The Supreme Court of New York, in granting plaintiffs motion, applied the penal law definitions of “gambling” and “games of chance” in construing whether or not DFS violated New York’s Constitution. Under the New York Penal Law, the material elements test is applied in determining whether a game constitutes a game of chance and is thus gambling.
Applying the material elements test, the Supreme Court reasoned that the outcomes of DFS games, to a material degree, rely upon elements of chance in as much as the performances of real-athletes is not subject to DFS participants’ control. The Appellate Division modified and affirmed this decision, agreeing with the Supreme Court that DFS contests are gambling prohibited by the Constitution on the rationale that DFS participants’ lack control of the performance of the athletes on their rosters, and thus contests involve a material degree of chance.
The Court of Appeals overturned both courts’ decisions. In the opinion, authored by chief judge Janet DiFiore, the Court found that the Penal Law’s definition of gambling, while a helpful guidepost, did not accurately reflect the ordinary meaning of the term “gambling” as written in the Constitution in 1894, the year the Constitution was adopted, because the Penal Law was not adopted until 1965.
Drawing from the plain language, history, and purpose of the constitutional provision, the court reasoned that when the Constitution was adopted, “games of chance” were understood to be those in which the element of chance was the “dominating element that determines the result of the game.” And not as the Penal Code defines “games of chance” as a game where the outcome depends upon an element of chance to a material degree.
Thus, the Court reasoned that the application of a predominant purpose test, and not the material element test, was the applicable standard to apply in determining DFS’ constitutionality. In applying this test, the court found that the skill involved in DFS predominates over the chance involved such that DFS does not constitute gambling under the constitutional provision.

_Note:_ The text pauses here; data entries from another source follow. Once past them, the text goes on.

Lemma nonneg_barrier {f a b} : f @ a^'+ --> f a -> 0 <= f a -> a <= b ->
  (forall s, a < s <= b -> exists2 d, is_derive s 1 f d & (f s < 0 -> 0 <= d)) ->
  0 <= f b.
Proof.
move=> fa fa0 ab df; rewrite leNgt; apply/negP => fb0.
have f_cvg s : a < s <= b -> f @ s --> f s.
  by case/df=> d [fd _] _; apply/differentiable_continuous/derivable1_diffP.
pose S := [set s | a <= s <= b /\ 0 <= f s].
have hS : has_sup S.
  by split; [exists a; rewrite /S /= lexx ab | exists b => s [/andP[_]]].
pose m := sup S.
have am : a <= m by apply: sup_upper_bound => //; rewrite /S /= lexx ab.
have mb : m <= b by apply: ge_sup; [case: hS | move=> s [/andP[_]]].
have fm0 : 0 <= f m.
  move: am; rewrite le_eqVlt => /predU1P[am|am]; first by rewrite -am.
  rewrite leNgt; apply/negP => fm.
  have /cvgr_lt/(_ 0 fm)/nbhs_ballP[e e0 fneg] := f_cvg m (introT andP (conj am mb)).
  have [s Ss ms] := sup_adherent e0 hS.
  have sm : s <= m by apply: sup_upper_bound.
  case: Ss => _; rewrite leNgt fneg //= /ball /= ger0_norm ?subr_ge0 //.
  by rewrite ltrBlDr addrC -ltrBlDr.
have fneg s : m < s <= b -> f s < 0.
  case/andP=> ms sb; rewrite ltNge; apply/negP => fs0.
  have : s <= m by apply: sup_upper_bound => //; rewrite /S /= sb (le_trans am (ltW ms)).
  by rewrite leNgt ms.
have fm : f @ m^'+ --> f m.
  move: am; rewrite le_eqVlt => /predU1P[<- //|am].
  by apply: cvg_at_right_filter; apply: f_cvg; rewrite am mb.
have : f m <= f b.
  apply: (derive_ge0_le fm mb) => s /andP[ms sb].
  have [|d fd d0] := df s; first by rewrite sb (le_lt_trans am ms).
  by exists d => //; apply/d0/fneg; rewrite ms sb.
by rewrite leNgt (lt_le_trans fb0 fm0).
Qed.
End DerivativeComparison.

Section LindbladFlow.
Context {R : realType}.
Local Notation C := (complex R).
Local Notation Re := complex.Re.
Local Notation Im := complex.Im.

Context {om ex ey dg : R -> R} {gamma0 : R} {rho : R -> 'M[C]_2}.
Let g s := gamma0 + dg s.
Let L s := lindblad_rhs (Ham om ex ey s) (g s) (rho s).
Hypothesis rho_cvg0 : mx_right_cont0 rho.
Hypothesis rho_derive : forall s, 0 < s -> mx_has_deriv rho s (L s).

Let re i j s := Re (rho s i j).
Let im i j s := Im (rho s i j).

Let re_cvg0 (i j : 'I_2) : re i j @ 0^'+ --> re i j 0. Proof. by case: (rho_cvg0 i j). Qed.
Let im_cvg0 (i j : 'I_2) : im i j @ 0^'+ --> im i j 0. Proof. by case: (rho_cvg0 i j). Qed.
Let re_derive (i j : 'I_2) {s : R} : 0 < s -> is_derive s 1 (re i j) (Re (L s i j)).
Proof. by move=> s0; case: (rho_derive s s0 i j). Qed.
Let im_derive (i j : 'I_2) {s : R} : 0 < s -> is_derive s 1 (im i j) (Im (L s i j)).
Proof. by move=> s0; case: (rho_derive s s0 i j). Qed.

Lemma tr_rho t : 0 <= t -> \tr (rho t) = \tr (rho 0).
Proof.
move=> t0; rewrite !mxtrace2.
have dtr s : L s 0 0 + L s 1 1 = 0.
  by rewrite -mxtrace2; apply: lindblad_rhs_tr.
apply: complex_ext; rewrite ?Re_add ?Im_add.
- have := derive0_eq (cvgD (re_cvg0 0 0) (re_cvg0 1 1)) t0; apply.
  move=> s /andP[s0 _].
  apply: (is_derive_eq (is_deriveD (re_derive 0 0 s0) (re_derive 1 1 s0))).
  by rewrite -Re_add dtr.
- have := derive0_eq (cvgD (im_cvg0 0 0) (im_cvg0 1 1)) t0; apply.
  move=> s /andP[s0 _].
  apply: (is_derive_eq (is_deriveD (im_derive 0 0 s0) (im_derive 1 1 s0))).
  by rewrite -Im_add dtr.
Qed.

Hypothesis g_ge0 : forall s, 0 <= g s.

Ltac expand_rhs s :=
  rewrite /L /re /im ?fctE -?[_ *: _]/(_ * _) (Ham_mx2 om ex ey s) [rho s]mx2_eta;
  rewrite lindblad_rhs_mx2 !mxE /=;
  case: (rho s 0 0) (rho s 0 1) (rho s 1 0) (rho s 1 1) => [ar ai] [br bi] [cr ci] [dr di] /=.

Lemma rho_hermitian : adj (rho 0) = rho 0 -> forall t, 0 <= t -> adj (rho t) = rho t.
Proof.
move=> /hermitian2P[i00 i11 r10 i10] t t0.
have im_tr (s : R) : 0 <= s -> im 0 0 s = - im 1 1 s.
  by move=> s0; have := congr1 (@complex.Im R) (tr_rho s s0); rewrite !mxtrace2 !Im_add i00 i11; lra.
pose u1 : R -> R := re 1 0 - re 0 1.
pose u2 : R -> R := im 1 0 + im 0 1.
pose w : R -> R := im 1 1 + im 1 1.
(* With the weight 2 in [w] the Hamiltonian terms cancel in V'. *)
pose V : R -> R := u1 * u1 + u2 * u2 + w * w.
have dV (s : R) : 0 < s -> exists2 d : R, is_derive s 1 V d & d <= 0.
  move=> s0; have du1 := is_deriveB (re_derive 1 0 s0) (re_derive 0 1 s0).
  have du2 := is_deriveD (im_derive 1 0 s0) (im_derive 0 1 s0).
  have dw := is_deriveD (im_derive 1 1 s0) (im_derive 1 1 s0).
  eexists; first exact: is_deriveD (is_deriveD (is_deriveM du1 du1) (is_deriveM du2 du2))
                                   (is_deriveM dw dw).
  move: (im_tr s (ltW s0)) (g_ge0 s); rewrite /u1 /u2 /w.
  expand_rhs s => -> gs.
  have sq_ge0 : 0 <= (cr - br) ^+ 2 + (ci + bi) ^+ 2 + 8 * di ^+ 2.
    by have := sqr_ge0 (cr - br); have := sqr_ge0 (ci + bi); have := sqr_ge0 di; lra.
  have := mulr_ge0 gs sq_ge0; rewrite !expr2; lra.
have V_cvg0 : V @ 0^'+ --> V 0.
  have u1_cvg0 : u1 @ 0^'+ --> u1 0 by apply: cvgB; apply: re_cvg0.
  have u2_cvg0 : u2 @ 0^'+ --> u2 0 by apply: cvgD; apply: im_cvg0.
  have w_cvg0 : w @ 0^'+ --> w 0 by apply: cvgD; apply: im_cvg0.
  by apply: cvgD; [apply: cvgD|]; apply: cvgM.
have V0 : V 0 = 0 by rewrite /V /u1 /u2 /w !fctE /re /im r10 i10 i11; ring.
have Vt : V t <= 0 by rewrite -V0; apply: (derive_le0_ge V_cvg0 t0) => s /andP[s0 _]; apply: dV.
have sq0 (x y z : R) : x * x + y * y + z * z <= 0 -> [/\ x = 0, y = 0 & z = 0].
  move=> xyz; have := sqr_ge0 x; have := sqr_ge0 y; have := sqr_ge0 z.
  by split; apply/eqP; rewrite -sqrf_eq0 eq_le sqr_ge0 andbT; rewrite !expr2 in xyz *; lra.
have [] := sq0 _ _ _ Vt; have := im_tr t t0.
rewrite /u1 /u2 /w !fctE /re /im => i00t r10t i10t i11t.
by apply/hermitian2P; split; lra.
Qed.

To the extent that participants are not able to control or influence the performance of the athletes in the actual sporting events, the court reasoned that participants’ skills nevertheless play a substantial role in the outcome of DFS contests making DFS predominantly games of skill because DFS contests pit the strategic rosters of participants against one another.
Looking Forward
While the White decision only applies to DFS in New York, it marks a court’s well-reasoned analysis on the differences between the predominate purpose and material element tests. DFS is still a relatively new technology, with limited case law applying the various common-law gambling tests to it and White could act as a guidepost for courts when applying these tests.